(Collected data entries)
((

Lemma triangle_free_hub S : gp_set adj S -> triangle_free S -> n - 2 < #|S| ->
  exists c, n - 1 <= deg S c.
Proof.
move=> gp tf big; pose L : {set 'I_n} := [set a | deg S a == 1].
have sum_L : \sum_(a in L) deg S a = #|L|.
  by rewrite -sum1_card; apply: eq_bigr => a /[!inE] /eqP.
have S_le_L : #|S| <= #|L|.
  rewrite -sum_L -sum_card_setI -sum1_card; apply: leq_sum => u uS.
  have [a au da] := leaf_endpoint gp tf uS.
  by apply/card_gt0P; exists a; rewrite !inE au da eqxx.
have handshake : \sum_(a in [set: 'I_n]) deg S a = #|S| * 2.
  rewrite -sum_card_setI -sum_nat_const.
  by apply: eq_bigr => u _; rewrite setIT card_vertex.
rewrite (big_setID L) setTI setTD sum_L in handshake.
change (#|L| + \sum_(a in ~: L) deg S a = #|S| * 2) in handshake.
have := cardsC L; rewrite card_ord => cardL; clearbody L.
have k_le1 : #|~: L| <= 1 by lia.
have /cards1P[c Lc] : #|~: L| == 1.
  rewrite eqn_leq k_le1 lt0n; apply/eqP => /cards0_eq L0.
  by move: handshake cardL; rewrite L0 big_set0 cards0 !addn0; lia.
by exists c; move: handshake cardL; rewrite Lc big_set1 cards1; lia.
Qed.

Lemma hub_edges S c x : n - 1 <= deg S c -> x != c -> has_edge S c x.
Proof.
move=> hub xc; apply: contraTT hub => no_cx; rewrite -ltnNge.
have sub : [set u in S | c \in val u] \subset star c x.
  apply/subsetP=> u /setIdP[uS cu]; rewrite mem_star 1?eq_sym // cu /=.
  apply: contra no_cx => xu; apply/has_edgeP; exists u => //.
  by apply: vertex_eq_pair; rewrite // eq_sym.
by apply: leq_ltn_trans (subset_leq_card sub) _; rewrite card_star 1?eq_sym //; lia.
Qed.

Lemma hub_in_all_edges S c : gp_set adj S -> (forall x, x != c -> has_edge S c x) ->
  forall u, u \in S -> c \in val u.
Proof.
move=> gp full u uS; apply/negPn/negP => cu.
have [a [b [ab uab]]] := vertex_pair u.
have [d dabc] : exists d, d \notin [:: a; b; c] by apply: exists_fresh; rewrite card_ord.
move: cu dabc; rewrite uab !inE !negb_or => /andP[ca cb] /and3P[da db dc].
apply: (gp_set_P4_free gp (_ : uniq [:: d; c; a; b])).
- by rewrite /= !inE !negb_or da db dc ca cb ab.
- by rewrite has_edgeC full.
- by rewrite full // eq_sym.
- by apply/has_edgeP; exists u.
Qed.
Theorem mainTheorem17 (R : realFieldType) (n m N d : nat)
  (D : 'I_d -> 'M[R]_N) (M : 'M[R]_N) (e : 'I_d -> 'I_N -> R)
  (Y : 'cV[R]_n -> Prop) (omega : 'cV[R]_n -> 'cV[R]_n)
  (f : 'I_d -> 'cV[R]_n -> 'cV[R]_n) (F : 'I_d -> 'cV[R]_n -> R)
  (H : 'I_d -> 'cV[R]_n -> 'M[R]_(n, m)) (g : 'I_d -> 'cV[R]_n -> 'cV[R]_m)
  (alpha : R)
  (fvol fnum : 'I_d -> 'cV[R]_n -> 'cV[R]_n -> 'cV[R]_n)
  (Hvol Hnum : 'I_d -> 'cV[R]_n -> 'cV[R]_n -> 'M[R]_(n, m))
  (u : 'I_N -> 'cV[R]_n) (uplus : 'I_N -> 'I_d -> 'cV[R]_n)
  (hD1 : forall j, D j *m (const_mx 1 : 'cV[R]_N) = 0)
  (hMdiag : is_diag_mx M) (hMpos : forall i, 0 < M i i)
  (hSBP : forall j, M *m D j + (D j)^T *m M = diag_mx (\row_k e j k))
  (hfvol_sym : forall j a b, Y a -> Y b -> fvol j a b = fvol j b a)
  (hHvol_sym : forall j a b, Y a -> Y b -> Hvol j a b = Hvol j b a)
  (hfvol_cons : forall j a, Y a -> fvol j a a = f j a)
  (hHvol_cons : forall j a, Y a -> Hvol j a a = H j a)
  (hfnum_cons : forall j a, Y a -> fnum j a a = f j a)
  (hHnum_cons : forall j a, Y a -> Hnum j a a = H j a)
  (hvol_ec : forall j, flux_condition Y omega (f j) (F j) (H j) (g j) alpha (fvol j) (Hvol j))
  (hnum_ec : forall j, flux_condition Y omega (f j) (F j) (H j) (g j) alpha (fnum j) (Hnum j))
  (hu : forall i, Y (u i)) (huplus : forall i j, Y (uplus i j)) :
  let dudt i := - VOL D alpha H g fvol Hvol u i - SURF M e alpha f H g fnum Hnum u uplus i in
  (\sum_(i < N) M i i * dot (omega (u i)) (dudt i)
   = - \sum_(k < N) \sum_(j < d)
         e j k * Fnum omega (f j) (F j) (H j) (g j) alpha (fnum j) (Hnum j) (u k) (uplus k j))
  /\ (forall j a, Y a -> Fnum omega (f j) (F j) (H j) (g j) alpha (fnum j) (Hnum j) a a = F j a).
Proof.
move=> dudt; split=> [|j a Ya]; last exact: Fnum_consistent (hfnum_cons j a Ya).
transitivity (- \sum_i M i i * dot (omega (u i)) (VOL D alpha H g fvol Hvol u i)
              - \sum_i M i i * dot (omega (u i)) (SURF M e alpha f H g fnum Hnum u uplus i)).
  by rewrite -sumrN -sumrB; apply: eq_bigr => i _; rewrite /dudt dotBr dotNr; ring.
rewrite (entropy_VOL hD1 hMdiag hSBP hfvol_sym hHvol_sym hfvol_cons hvol_ec hu).
rewrite (eq_bigr _ (fun i _ => entropy_SURF e hMpos hnum_ec hu huplus i)).
rewrite -opprD -big_split /=; congr (- _); apply: eq_bigr => k _.
by rewrite -big_split; apply: eq_bigr => j _ /=; ring.
Qed.
(* For matrices $A\in\mathbb{Z}_{\geq0}^{m\times 3}$ there exists a polynomial-time 2-approximation algorithm for computing $\gamma(A)$.
   Context: For $A\in\mathbb{R}^{m\times d}$ and $\Pi=(\pi_1,\dots,\pi_d)\in\mathfrak{S}(m)^d$ (where $\mathfrak{S}(m)$ is the symmetric group on $\{1,\dots,m\}$), $A^\Pi$ denotes the matrix with $A^\Pi_{i,j}=A_{\pi_j^{-1}(i),j}$. Define $\gamma(A)=\min_{\Pi\in\mathfrak{S}(m)^d}\max_{1\leq i\leq m}\sum_{j=1}^d A^\Pi_{i,j}$, the smallest achievable maximal row sum after permuting the entries within each column independently. A 2-approximation algorithm outputs column permutations whose maximal row sum is at most $2\gamma(A)$. *)

From mathcomp Require Import all_boot all_order all_fingroup all_algebra.
Set Implicit Arguments. Unset Strict Implicit. Unset Printing Implicit Defensive.

Definition permute_cols (m d : nat) (A : 'M[nat]_(m, d))
  (P : {ffun 'I_d -> 'S_m}) : 'M[nat]_(m, d) :=
  \matrix_(i < m, j < d) A (((P j)^-1)%g i) j.

Definition maxrowsum (m d : nat) (A : 'M[nat]_(m, d))
  (P : {ffun 'I_d -> 'S_m}) : nat :=
  \max_(i < m) \sum_(j < d) permute_cols A P i j.

Definition gamma (m d : nat) (A : 'M[nat]_(m, d)) : nat :=
  maxrowsum A [arg min_(P < [ffun => 1%g] : {ffun 'I_d -> 'S_m}) maxrowsum A P].
Lemma reflseq_mul_gprod l i : i < size l -> nth 1 l i ** nth 1 l i = 1 ->
  nth 1 (reflseq l) i ** gprod l = gprod (take i l ++ drop i.+1 l).
Proof.
move=> lt_i xx; rewrite nth_reflseq // gprod_cat.
have -> : gprod l = gprod (take i l) ** (nth 1 l i ** gprod (drop i.+1 l)).
  by rewrite -{1}(cat_take_drop i l) (drop_nth 1 lt_i) gprod_cat.
by rewrite /gconj !gmulA mulgKV -[_ ** nth 1 l i ** nth 1 l i]gmulA xx gmulg1.
Qed.

Lemma reflseq_map_conj (u : G) (l : seq G) :
  reflseq (map (gconj u) l) = map (gconj u) (reflseq l).
Proof.
elim: l => //= s l ->; rewrite -!map_comp; congr cons; apply: eq_map => t /=.
by rewrite -[gconj u s]/(u ** s ** ginv u) !gconjM gconjK.
Qed.

Definition eqp (r : G) : pred G := fun t => `[< t = r >].

Definition refl_parity (l : seq G) (r : G) : bool := odd (count (eqp r) (reflseq l)).

Lemma count_map_conj (g r : G) (X : seq G) :
  count (eqp r) (map (gconj g) X) = count (eqp (gconj (ginv g) r)) X.
Proof.
rewrite count_map; apply: eq_count => t.
by apply: asbool_equiv_eq; apply: gconj_eq.
Qed.

Lemma refl_parity_cons (s : G) (l : seq G) (r : G) :
  refl_parity (s :: l) r = `[< s = r >] (+) refl_parity l (gconj (ginv s) r).
Proof. by rewrite /refl_parity /= count_map_conj oddD oddb. Qed.

Lemma refl_parity_map_conj (u : G) (l : seq G) (r : G) :
  refl_parity (map (gconj u) l) r = refl_parity l (gconj (ginv u) r).
Proof. by rewrite /refl_parity reflseq_map_conj count_map_conj. Qed.

Lemma gprod_tits_gen (l : seq G) : gprod (map tits_gen l) = (gprod l, refl_parity l).
Proof.
elim: l => [|s l IH] /=; first by congr pair; apply: funext.
by rewrite IH; congr pair; apply: funext => r; rewrite refl_parity_cons.
Qed.

Lemma refl_parity_cat (l1 l2 : seq G) r :
  refl_parity (l1 ++ l2) r = refl_parity l1 r (+) refl_parity l2 (gconj (ginv (gprod l1)) r).
Proof.
have := gprod_tits_gen (l1 ++ l2).
by rewrite map_cat (@gprod_cat tits_group) !gprod_tits_gen => /(congr1 (fun p => p.2 r)).
Qed.
(* Assume Assumption A. Let $\mathscr C$ be a communicating (equivalence) class of the limiting chain $X_R$. Then for all $\eta\ne\xi\in\mathscr C$ there exists $m(\eta,\xi)\in(0,\infty)$ with $\lim_{N\to\infty}\mu_N(\eta)/\mu_N(\xi)=m(\eta,\xi)$.
   Context: Setting: $E$ is a fixed finite set; for each $N\ge1$, $(\eta^N_t)$ is a continuous-time irreducible Markov chain on $E$ with jump rates $R_N(\eta,\xi)$ and unique invariant probability measure $\mu_N$. Ordered families: a finite family of sequences of positive reals $(a^r_N)_{N\ge1}$, $r\in\mathfrak R$, is ordered if for all $r\neq s$ the sequence $\arctan(a^r_N/a^s_N)$ converges as $N\to\infty$. Assumption A: (i) for each $\eta\neq\xi$, either $R_N(\eta,\xi)=0$ for all $N$ or $R_N(\eta,\xi)>0$ for all $N$; let $\mathbb B=\{(\eta,\xi):\eta\ne\xi,R_N(\eta,\xi)>0\}$. (ii) For every $m\ge1$ the family $\prod_{(\eta,\xi)\in\mathbb B}R_N(\eta,\xi)^{k(\eta,\xi)}$, indexed by $k:\mathbb B\to\mathbb Z_+$ with $\sum k=m$, is ordered. Limiting chain: $\alpha_N^{-1}=\sum_\eta\sum_{\xi\ne\eta}R_N(\eta,\xi)$; under Assumption A, $R(\eta,\xi)=\lim_N\alpha_NR_N(\eta,\xi)\in[0,1]$ exists; $X_R$ is the Markov chain on $E$ with rates $R(\eta,\xi)$ (possibly reducible). Two states are in the same communicating class if each can be reached from the other along a path of positive $R$-rates. *)

From mathcomp Require Import all_boot.
From Stdlib Require Import Reals Relations.
Set Implicit Arguments.
Unset Strict Implicit.
Unset Printing Implicit Defensive.
Open Scope R_scope.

))

Give back, exactly as written, the stretch from the line with "Proof. by rewrite /refl_parity /= count_map_conj" through the line with "(* Assume Assumption", and no other lines from the records above.

[Exercise solution]:
Proof. by rewrite /refl_parity /= count_map_conj oddD oddb. Qed.

Lemma refl_parity_map_conj (u : G) (l : seq G) (r : G) :
  refl_parity (map (gconj u) l) r = refl_parity l (gconj (ginv u) r).
Proof. by rewrite /refl_parity reflseq_map_conj count_map_conj. Qed.

Lemma gprod_tits_gen (l : seq G) : gprod (map tits_gen l) = (gprod l, refl_parity l).
Proof.
elim: l => [|s l IH] /=; first by congr pair; apply: funext.
by rewrite IH; congr pair; apply: funext => r; rewrite refl_parity_cons.
Qed.

Lemma refl_parity_cat (l1 l2 : seq G) r :
  refl_parity (l1 ++ l2) r = refl_parity l1 r (+) refl_parity l2 (gconj (ginv (gprod l1)) r).
Proof.
have := gprod_tits_gen (l1 ++ l2).
by rewrite map_cat (@gprod_cat tits_group) !gprod_tits_gen => /(congr1 (fun p => p.2 r)).
Qed.
(* Assume Assumption A. Let $\mathscr C$ be a communicating (equivalence) class of the limiting chain $X_R$. Then for all $\eta\ne\xi\in\mathscr C$ there exists $m(\eta,\xi)\in(0,\infty)$ with $\lim_{N\to\infty}\mu_N(\eta)/\mu_N(\xi)=m(\eta,\xi)$.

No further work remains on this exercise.